Who is the data MVP of the NBA?
Use data science to analyze the data from FiveThirtyEight.com and draw your own conclusions about who is the most valuable player.
Background
Sports fans and sports teams have long been obsessed with data and numbers. In modern professional sports, data and statistics are heavily used in personnel decisions that can include which players to draft, how much to pay for a given player, and even which players to play in which game situations. The actual statistical models that professional teams use to evaluate their players are kept highly secret, but fans and sports pundits have long engaged in number crunching as they analyze the data from their favorite sports, teams, and players.
One of the best examples out there of this is the FiveThirtyEight website which covers sports, politics, and science through the lens of data.

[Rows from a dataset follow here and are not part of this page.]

Lemma plik_deviation_le mu lam (D : R) (P : pred {ffun 'I_q -> bool}) :
  0 <= mu <= 1 -> 0 <= lam <= 1/2 ->
  (forall th, P th -> D < `|ones th - q%:R * mu|) ->
  \sum_(th | P th) plik th mu <= 2 * expR (q%:R * (2 * lam ^+ 2) - lam * D).
Proof.
move=> mu01 /andP[lam_ge0 lam_le] P_dev.
pose Z th := ones th - q%:R * mu.
have plik_mu_ge0 th : 0 <= plik th mu := plik_ge0 th mu01.
have markov th : (if P th then plik th mu else 0) <=
    expR (- (lam * D)) * (plik th mu * expR (lam * Z th)
                          + plik th mu * expR ((- lam) * Z th)).
  case: ifP => [/P_dev dev | _]; last first.
    by rewrite mulr_ge0 ?expR_ge0 // addr_ge0 // mulr_ge0 // expR_ge0.
  rewrite -mulrDr mulrCA ler_peMr // mulNr.
  apply: le_trans _ (ler_wpM2l (expR_ge0 _) (expR_norm_le (Z th) lam_ge0)).
  by rewrite -expRD -expR0 ler_expR addrC -mulrBr mulr_ge0 // subr_ge0 ltW.
rewrite big_mkcond /=; apply: le_trans (ler_sum _ (fun th _ => markov th)) _.
rewrite -mulr_sumr big_split /= mulrC expRD mulrA ler_pM2r ?expR_gt0 //.
have lam_norm : `|lam| <= 1/2 by rewrite ger0_norm.
have := plik_mgf_le mu01 lam_norm.
have := @plik_mgf_le mu (- lam) mu01; rewrite normrN sqrrN => /(_ lam_norm).
lra.
Qed.

Lemma plik_ratio_le_of_close th x y mu (d D : R) :
  0 < x < 1 -> 1/5 <= y * (1 - y) ->
  `|x - y| <= 4 * d -> `|mu - y| <= 4 * d -> `|ones th - q%:R * mu| <= D ->
  plik th x / plik th y <= expR (20 * d * (D + 4 * q%:R * d)).
Proof.
move=> x01 var_ge xy_le muy_le dev_le.
have y01 : 0 < y < 1 by apply/andP; split; nra.
have var_gt0 : 0 < y * (1 - y) by lra.
apply: le_trans (plik_ratio_le th x01 y01) _; rewrite ler_expR.
have dev_y_le : `|ones th - q%:R * y| <= D + 4 * q%:R * d.
  rewrite (_ : ones th - q%:R * y = ones th - q%:R * mu + q%:R * (mu - y)); last by ring.
  apply: le_trans (ler_normD _ _) _; rewrite normrM ger0_norm ?ler0n //.
  have := ler_wpM2l (ler0n R q) muy_le; lra.
apply: le_trans (ler_norm _) _.
rewrite normrM normf_div (gtr0_norm var_gt0) mulrAC ler_pdivrMr //.
have := ler_pM (normr_ge0 _) (normr_ge0 _) xy_le dev_y_le.
have d_ge0 : 0 <= d by have := normr_ge0 (x - y); lra.
have : 0 <= 4 * d * (D + 4 * q%:R * d).
  by rewrite mulr_ge0 ?(le_trans (normr_ge0 _) dev_y_le) //; lra.
nra.
Qed.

We love what they do with statistics and mathematical modeling around NBA basketball players and teams. We have built an activity for you to work through around the metric that they have developed to rank and compare NBA players in terms of offense, defense, and their overall contribution to their team’s wins and losses. They call it RAPTOR and it stands for Robust Algorithm (using) Player Tracking (and) On/Off Ratings.
From the FiveThirtyEight website:
To complete this activity, it is not important that you have a deep understanding of basketball or even of how the RAPTOR metric is calculated. The important thing to remember is that RAPTOR measures how much a player contributes on offense or defense relative to the hypothetical average player. A RAPTOR value of zero would be an average player. High positive values mean the player is making a strong contribution in the measured area (offense, defense, or overall). If you would really like to geek out on how RAPTOR is measured, we suggest that you check this out.
Dataset
We downloaded this data from the FiveThirtyEight.com website here. The dataset contained 826 rows of data for all NBA players. There were separate observations (rows) for a player’s regular season and playoff performances. We took a subset of the data so that it only included data from the regular season on the 381 players who played more than 500 total minutes in games. That subset is the dataset you will use in this activity.
Variables
Player - This is the name of the player. It has been coded as info so you will not use it in graphing, but you can view it by hovering your pointer on any datapoint on the graph.
Team - This categorical variable is the Basketball-Reference ID or three letter code of an NBA team.
Playing Time (min) - This numeric variable is the number of minutes of playing time that a given player had throughout the season. Measured in minutes.
RAPTOR offense - This numeric variable represents points above average per 100 possessions added by player on offense, using both box and on-off components.
RAPTOR defense - This numeric variable represents points above average per 100 possessions added by player on defense, using both box and on-off components.
RAPTOR total - This numeric variable represents the total points above average per 100 possessions added by player on both offense and defense, using both box and on-off components.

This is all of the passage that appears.